TAMPA – The U.S. Environmental Protection Agency has announced a $200,000 award to the University of South Florida to work with the University Area Community Development Corp. and other organizations to create a strategic plan for dealing with environmental pollution and redevelopment challenges in the University Area Community.
The University Area CDC, USF and other stakeholders will collaborate to develop an areawide plan and implementation strategy for the UAC, an under-served residential and commercial community containing several brownfields or potential brownfields. The catalyst site for this project is Harvest Hope Park, an oasis in the making, which eventually will include a playground, hiking fields, tilapia fish farm and learning kitchen. Located on 20th street, north of Fletcher, Harvest Hope Park already includes a productive community garden, supplying fresh produce to area residents.

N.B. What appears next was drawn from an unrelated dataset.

(* Let $\mathbb X$ be a basic space and $\mathcal D=(D,<,\rho)$ a computable partially ordered set. Every partial function in $\mathrm{Max}_{\mathrm{PR}}[\mathbb X\to\mathcal D]$ or in $\mathrm{Min}_{\mathrm{PR}}[\mathbb X\to\mathcal D]$ has a $\Sigma^0_1\wedge\Pi^0_1$ graph and a $\Sigma^0_2$ domain.
   Context: A basic space is a finite non-empty product of sets each of which is $\mathbb N$, $\mathbb Z$, or $A^*$ for some finite alphabet $A$. A computable partially ordered set is a triple $\mathcal D=(D,<,\rho)$ where $\rho:\mathbb N\to D$ is a bijection and $<$ is a strict partial order on $D$ with $\{(m,n):\rho(m)<\rho(n)\}$ computable; a partial function into $D$ is partial computable if its composition with $\rho^{-1}$ is. For a partial $f:\mathbb X\times\mathbb N\to D$ monotone increasing (resp. decreasing) in its second argument on its domain, $\max^{\mathcal D}f$ (resp. $\min^{\mathcal D}f$) is the partial function defined exactly at those $x$ for which $\{f(x,t):t,\ f(x,t)\text{ defined}\}$ is finite and non-empty, with value its maximum (resp. minimum). $\mathrm{Max}_{\mathrm{PR}}[\mathbb X\to\mathcal D]$ (resp. $\mathrm{Min}_{\mathrm{PR}}[\mathbb X\to\mathcal D]$) is the class of all $\max^{\mathcal D}f$ (resp. $\min^{\mathcal D}f$) with $f$ partial computable and monotone increasing (resp. decreasing) in its second argument. A relation $R\subseteq\mathbb X\times D$ is $\Sigma^0_n$, $\Pi^0_n$, or $\Sigma^0_1\wedge\Pi^0_1$ (conjunction of a $\Sigma^0_1$ and a $\Pi^0_1$ relation) if so is $\{(x,n):(x,\rho(n))\in R\}\subseteq\mathbb X\times\mathbb N$ in the arithmetical hierarchy. *)

From mathcomp Require Import all_boot.
From mathcomp Require Import ssralg ssrint.
From Stdlib Require List.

“The timing of this grant could not be more perfect as we focus our efforts on the redevelopment of the University Area Community, just as we go under construction for the community’s seven acre Harvest Hope Park,” said Sarah Combs, University Area CDC executive director and CEO. “A large focus of this grant is to engage and hire community residents to participate and drive the planning process, which is how community development should be done.”
Last fall, the University Area CDC received a $423,000 community development block grant from Hillsborough County and raised an additional $90,000 at its annual gala, to be used for the creation of the park.
Christian Wells, USF professor of Anthropology and director of the Center for Brownfields Research, said, “The project will build on existing planning activities that the community has already developed for housing rehabilitation, new business creation, increased access to health services, and improved opportunities for recreation. The project will focus on brownfields that are a major impediment to these redevelopment considerations and will include community engagement, local capacity building, an economic market analysis, and evaluation of existing planning documents along with social, health, and environmental data to determine the extent to which contamination will impact revitalization efforts.”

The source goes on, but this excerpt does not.